Smoking Status Variable - writing rules from scratch
In this tutorial, we will be using the smoking status example data to write rules that will allow us to classify charts according to the following labels: Current smoker, Former smoker, Never smoked, or Not dictated.
- Download the smoking status example data.
text_data.csv
labels_train.csv
labels_valid.csv
- Upload the text data file.
- From the Settings view, press on the Project Settings tab.
- Press on the Data File button to add the smoking status text data file (
text_data.csv
). - Set the
Data ID column
to be 0. - Set the
Data First Row
to be 1. - Set the
Data Column
to be 1.
- Upload the labels files.
- Still in the Project Settings tab, set the
Create Train and Validation Set
flag to be False. We don’t need to create train and validation sets, since we will be uploading our own train and validation labels. - Set
Prediction Mode
to be False. - Press on the folder icon next to
Train Label File
to upload the smoking status train data labels (labels_train.csv
). - Press on the folder icon next to
Valid Label File
to upload the smoking status valid data labels (labels_valid.csv
). - Set the
Label ID Column
to be 0. - Set the
Label First Row
to be 1.
- Still in the Project Settings tab, set the
- Set Rules folder file.
- Still in the Project Settings tab, press on the folder icon next to
Rules Folder
. Set the rules folder to be a folder in which you can save files. All of your variable rules files will be saved in the rules folder. - Press on the
Save Project Settings
button.
- Still in the Project Settings tab, press on the folder icon next to
- Create a new variable.
- Press on the Variable Settings tab.
- Press on green ‘+’ symbol. This will toggle a text input field next to
Current Variable
. Type insmoking_status
. This will be the name of your variable. - Set the
Label column
to be 1. - Press on the
Save Variable Settings
button.
- Set the classifier settings.
- Press on the Classifier Settings tab.
- Set the
Classifier Type
to RegexClassifier. - Set the
Negative Label
toNot dictated
.
- Set up your rules.
- Go to the Rules view.
- Press on the green ‘+’ symbol to add a new label.
- Double click on the new button and type in
Current smoker
. You have now added a label forCurrent smoker
. - Add labels for
Former smoker
andNever smoked
.
- Add rules for
Current smoker
.- Select the
Current smoker
label. - Press on the “Add Primary Rule” button.
- In the text box, write “smok”.
- Press on the green button next to the text box, and select “Replace Rule” from the dropdown menu.
- A new field will apear. This is where you enter your secondary rule. In the secondary rule text box, type in “current”, then press on the Enter key. Next, type in “or” and press on the Enter key. Type “every day” and press on the Enter key.

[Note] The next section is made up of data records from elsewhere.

(* Let $n=ld$ with positive integers $l,d$, and let $k\geq 2$ be an integer. Let $A\in\mathbb{R}^{m\times n}$ be partitioned into blocks $A=[A[1],A[2],\dots,A[l]]$ with $A[i]\in\mathbb{R}^{m\times d}$, where each $A[i]$ is orthonormal, i.e. $(A[i])^TA[i]=I_d$. Let $\mu_B=\max_{1\leq i<j\leq l}\|(A[i])^TA[j]\|_2$ (spectral norm) and suppose $$\mu_B<\frac{1}{(2k-1)d}.$$ Let $\bm{x}\in\mathbb{R}^n$ be arbitrary, let $\epsilon\geq 0$, let $\bm{z}\in\mathbb{R}^m$ with $\|\bm{z}\|_2\leq\epsilon$, and set $\bm{b}=A\bm{x}+\bm{z}$. Let $\lambda>0$ and let $\bm{x}^{\sharp}$ be an optimal solution of $$\min_{\bm{y}\in\mathbb{R}^n}\ \|\bm{y}\|_{2,1}+\frac{1}{2\lambda}\|\bm{b}-A\bm{y}\|_2^2 .$$ Define $$\beta_1=\frac{\sqrt{1+(k-1)d\mu_B}}{1-(k-1)d\mu_B},\qquad \beta_2=\frac{\sqrt{k}\,d\mu_B}{1-(k-1)d\mu_B},$$ $$f_k(t)=kt^2+3\sqrt{k}\,t+3,\qquad g_k(t)=2kt^2+4\sqrt{k}\,t+1 .$$ Then $$\|A(\bm{x}^{\sharp}-\bm{x})\|_2\leq \frac{2\lambda}{\sqrt{k}\beta_1\lambda+\epsilon}\,\|\bm{x}-\bm{x}_{\{k\}}\|_{2,1}+2(\sqrt{k}\beta_1\lambda+\epsilon),$$ and $$\|\bm{x}^{\sharp}-\bm{x}\|_2\leq \frac{2\sqrt{k}\beta_1 f_k(\beta_2)\lambda+2g_k(\beta_2)\epsilon}{\sqrt{k}(1-\sqrt{k}\beta_2)(\sqrt{k}\beta_1\lambda+\epsilon)}\,\|\bm{x}-\bm{x}_{\{k\}}\|_{2,1}+\frac{\big(\sqrt{k}\beta_1(5+2\sqrt{k}\beta_2)\lambda+g_k(\beta_2)\epsilon\big)(\sqrt{k}\beta_1\lambda+\epsilon)}{\sqrt{k}(1-\sqrt{k}\beta_2)\lambda}.$$
   Context: Any $\bm{y}\in\mathbb{R}^n$ is partitioned into $l$ consecutive blocks $\bm{y}[i]=(\bm{y}_{(i-1)d+1},\dots,\bm{y}_{id})^T\in\mathbb{R}^d$, $i=1,\dots,l$, matching the column blocks $A[i]$ (columns $(i-1)d+1,\dots,id$ of $A$). $\|\bm{y}\|_{2,1}=\sum_{i=1}^l\|\bm{y}[i]\|_2$, and $\|\bm{y}\|_{2,0}$ is the number of indices $i$ with $\bm{y}[i]\neq 0$. $\bm{x}_{\{k\}}$ denotes a best $k$-block approximation of $\bm{x}$: $\bm{x}_{\{k\}}\in\arg\min_{\|\bm{y}\|_{2,0}\leq k}\|\bm{y}-\bm{x}\|_2$. *)

From HB Require Import structures.
From mathcomp Require Import all_boot all_order all_algebra.
From mathcomp Require Import boolp classical_sets reals.
Set Implicit Arguments. Unset Strict Implicit. Unset Printing Implicit Defensive.
Import Order.TTheory GRing.Theory Num.Theory.
Local Open Scope ring_scope.
Local Open Scope classical_set_scope.

Section Defs.
Variable R : realType.

Definition norm2 (p : nat) (v : 'cV[R]_p) : R :=
  Num.sqrt (\sum_(i < p) v i 0 ^+ 2).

- Set the secondary rule score to be 1.
- You have just created your first set of rules for the
Current smoker
label! CHARTextract will search for sentences that contain the word “smok” (primary rule). If the sentence also contains either the words “current” or “every day” (secondary rule), then the sentence will be replaced with a score of 1 for theCurrent smoker
label.
- Select the
- Add rules for
Former smoker
.- Select the
Former smoker
label. - Add a primary rule with the word “smok”.
- Add a Replace secondary rule. Set the text to be
history of
OR
used to
, and assign a score of 1.
- Select the
- Add rules for
Never smoked
.- Select the
Never smoked
label. - Add a primary rule with the “smok”.
- Add a Replace secondary rule. Set the text to be
never
OR
no history of
, and assign a score of 1.
- Select the
- Run the tool.
- Press on the Run button.
- The top pane will display misclassified charts (i.e., the label predicted by CHARTextract is not the same as the ground truth label).
- Refine the rules.
- Press on the misclassified chart with ID 1003.
- CHARTextract classified this chart as
Never smoked
, but its ground truth label isFormer smoker
. - If you press on the yellow highlighted text, you will see that CHARTextract detected the word “smok” in the sentence.
- The rules in their current state are not able to correctly classify this chart. Let’s fix this.
- Go back to the rules view. Press on the
Former smoker
label. - Edit the secondary rule and add in the following:
OR
former
. - Re-run the tool by pressing on the Run button.
- You’ll notice that now chart with ID 1003 no longer shows up in the misclassified instances.
Further exercises:
- Instead of adding the rules specified in the tutorial, create your own rules.
- Try using the advanced view instead.
- Instead of writing rules from scratch, start from pre-existing rules and modify them.